TASK GOAL: Going through the entries below, find how many lines hold "posrE", then give that number alone.

MATERIAL FOR THIS EXERCISE:

(* One SMP update at i pays for the slack at i: combine the key estimate with
   the exact decrease of L and ln y <= y - 1. *)
Lemma vertex_slack_le lam i :
  \sum_(e in Nb i) (\sum_x `|slack lam e i x|) ^+ 2 <=
  4 * eta * (deg i).+1%:R * (L lam - L (upd lam i)).
Proof.
have key := sum_l1_dev_le (A := Nb i) (mu_v_gt0 lam i)
  (fun e x => S_gt0 lam e i x) (mu_v_sum lam i) (fun e _ => S_sum lam e i).
rewrite /Defs.slack; apply: (le_trans key); rewrite L_upd.
have := ln_le_subr1 (smp_mean_sum_gt0 lam i).
set n : R := (deg i).+1%:R; set SG := \sum_x _ => ln_le.
have -> : 4 * eta * n * (L lam - (L lam + eta^-1 * n * ln SG)) = 4 * n ^+ 2 * (- ln SG).
  by field; exact: eta_neq0.
by rewrite ler_pM2l ?mulr_gt0 ?exprn_gt0 ?ltr0n //; lra.
Qed.

Hypothesis deg_gt0 : forall i, (0 < deg i)%N.
Let N : nat := (\sum_j deg j)%N.
Let p i : R := (deg i)%:R / N%:R.

Lemma N_p i : N%:R * p i = (deg i)%:R.
Proof.
have deg_le : (deg i <= N)%N by rewrite /N (bigD1 i) //= leq_addr.
by rewrite /p mulrC divfK // pnatr_eq0 -lt0n (leq_trans (deg_gt0 i)).
Qed.

Lemma p_ge0 i : 0 <= p i.
Proof. by rewrite divr_ge0 ?ler0n. Qed.

Lemma p_sum (v0 : V) : \sum_i p i = 1.
Proof.
have N_gt0 : (0 < N)%N by rewrite /N (bigD1 v0) //= ltn_addr.
by rewrite -mulr_suml -natr_sum divff // pnatr_eq0 -lt0n.
Qed.

Lemma obj_le_expected_decrease lam :
  obj lam <= 8 * N%:R * eta * (L lam - \sum_i p i * L (upd lam i)).
Proof.
have -> : 8 * N%:R * eta * (L lam - \sum_i p i * L (upd lam i)) =
    \sum_i 8 * eta * (deg i)%:R * (L lam - L (upd lam i)).
  rewrite mulrBr; under [in RHS]eq_bigr do rewrite mulrBr.
  rewrite sumrB -mulr_suml -mulr_sumr -natr_sum -/N mulr_sumr; congr (_ - _).
    by ring.
  by apply: eq_bigr => i _; rewrite -(N_p i); ring.
rewrite obj_by_vertex; apply: ler_sum => i _.
have slack_le := vertex_slack_le lam i.
have decrease_ge0 : 0 <= L lam - L (upd lam i).
  rewrite -(@pmulr_rge0 _ (4 * eta * (deg i).+1%:R)) ?mulr_gt0 ?ltr0n //.
  by apply: le_trans slack_le; rewrite sumr_ge0 // => e _; exact: sqr_ge0.
apply: (le_trans slack_le); rewrite ler_wpM2r // -natr1.
have : 1 <= (deg i)%:R :> R by rewrite ler1n.
have := eta_gt0; nra.
Qed.

(* L is bounded below: every partition function dominates the weight of the
   constant labelling x0, at which the dual variables cancel out. *)
Lemma L_lower_bound lam :
  - \sum_i Cv i x0 - \sum_(e in E) Ce e (x0, x0) <= L lam.
Proof.
have vertex i : eta * (- Cv i x0 + \sum_(e in Nb i) lam e i x0) <=
    ln (\sum_x wv lam i x).
  have -> : eta * (- Cv i x0 + \sum_(e in Nb i) lam e i x0) = ln (wv lam i x0).
    by rewrite /Defs.wv expRK; ring.
  rewrite ler_ln ?posrE ?Zv_gt0 ?expR_gt0 // (bigD1 x0) //= lerDl.
  by rewrite sumr_ge0 // => x _; exact: expR_ge0.
have edge e : eta * (- Ce e (x0, x0) - \sum_(j | in_edge e j) lam e j x0) <=
    ln (\sum_xe we lam e xe).
  have -> : eta * (- Ce e (x0, x0) - \sum_(j | in_edge e j) lam e j x0) =
      ln (we lam e (x0, x0)).
    by rewrite /Defs.we expRK; under [in RHS]eq_bigr do rewrite proj_diag; ring.
  rewrite ler_ln ?posrE ?Ze_gt0 ?expR_gt0 // (bigD1 (x0, x0)) //= lerDl.
  by rewrite sumr_ge0 // => xe _; exact: expR_ge0.
have eta_inv_ge0 : 0 <= eta^-1 by rewrite invr_ge0 ltW.
have vertices : eta^-1 * \sum_i eta * (- Cv i x0 + \sum_(e in Nb i) lam e i x0)
    <= eta^-1 * \sum_i ln (\sum_x wv lam i x).
  by rewrite ler_wpM2l // ler_sum.
have edges : eta^-1 * \sum_(e in E)
      eta * (- Ce e (x0, x0) - \sum_(j | in_edge e j) lam e j x0)
    <= eta^-1 * \sum_(e in E) ln (\sum_xe we lam e xe).
  by rewrite ler_wpM2l // ler_sum.
apply: le_trans (lerD vertices edges).
rewrite -!mulr_sumr !mulKf ?eta_neq0 // big_split /= sumrB /= sumrN.
by rewrite sum_incidences sumrN; lra.
Qed.

(* The main estimate, for a nonempty graph (v0 is any vertex). *)
Lemma expected_obj_le (v0 : V) (K : nat) : (0 < K)%N ->
  expected_output_obj E Cv Ce eta K p <=
  8 * N%:R * eta * (L (@lam0 R V X) - inf [set L lam | lam in setT]) / K%:R.
Proof.
move=> K_gt0; set Linf := inf _.
have Linf_le lam : Linf <= L lam.
  apply: ge_inf; last by exists lam.
  exists (- \sum_i Cv i x0 - \sum_(e in E) Ce e (x0, x0)) => _ [lam' _ <-].
  exact: L_lower_bound.
have output_le (s : K.-tuple V) : obj (output E Cv Ce eta s) <=
    K%:R^-1 * \sum_(k < K) obj (foldl upd (@lam0 R V X) (take k s)).
  exact: (arg_min_le_mean (fun k => obj (iterate E Cv Ce eta s k)) K_gt0).
have last_ge :
    Linf <= \sum_(s : K.-tuple V) seq_weight p s * L (foldl upd (@lam0 R V X) s).
  apply: (@le_trans _ _ (\sum_(s : K.-tuple V) seq_weight p s * Linf)).
    by rewrite -mulr_suml (seq_weight_sum (p_sum v0)) mul1r.
  by apply: ler_sum => s _; rewrite ler_wpM2l // seq_weight_ge0 //; exact: p_ge0.
have descent := expected_descent p_ge0 (p_sum v0) obj_le_expected_decrease
  K (@lam0 R V X).
rewrite mulrC; apply: (@le_trans _ _ (K%:R^-1 * \sum_(s : K.-tuple V)
    seq_weight p s * \sum_(k < K) obj (foldl upd (@lam0 R V X) (take k s)))).
  rewrite mulr_sumr; apply: ler_sum => s _.
  by rewrite mulrCA ler_wpM2l ?output_le ?seq_weight_ge0 //; exact: p_ge0.
rewrite ler_wpM2l ?invr_ge0 ?ler0n //; apply: (le_trans descent).
by rewrite ler_wpM2l ?lerB // !mulr_ge0 ?ler0n // ltW.
Qed.

End SMPDescent.

Unset Implicit Arguments.

Theorem lemma10 (R : realType) (V X : finType) (E : {set V * V})
  (Cv : V -> X -> R) (Ce : V * V -> X * X -> R) (eta : R) (K : nat) :
  (forall e, e \in E -> e.1 != e.2) ->
  (forall e, e \in E -> (e.2, e.1) \notin E) ->
  (forall i : V, (0 < deg E i)%N) ->
  (2 <= #|X|)%N ->
  0 < eta ->
  (1 <= K)%N ->
  let N := (\sum_(j : V) deg E j)%N in
  expected_output_obj E Cv Ce eta K (fun i => (deg E i)%:R / N%:R)
  <= 8 * N%:R * eta
     * (L E Cv Ce eta (@lam0 R V X) - inf [set L E Cv Ce eta lam | lam in setT])
     / K%:R.
Proof.
move=> _ _ deg_gt0 X_ge2 eta_gt0 K_gt0; cbv zeta.
have [x0 _] : exists x0 : X, x0 \in X by apply/card_gt0P; exact: leq_trans X_ge2.
have [v0 _ | V_empty] := pickP V.
  exact: (expected_obj_le Cv Ce eta_gt0 x0 deg_gt0 v0 K_gt0).
(* Without vertices there are no vertex sequences of positive length. *)
rewrite /expected_output_obj big1 => [|s _]; last by have := V_empty (tnth s (Ordinal K_gt0)).
by rewrite big1 ?mulr0 ?mul0r // => j; have := V_empty j.
Qed.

RESULT: 2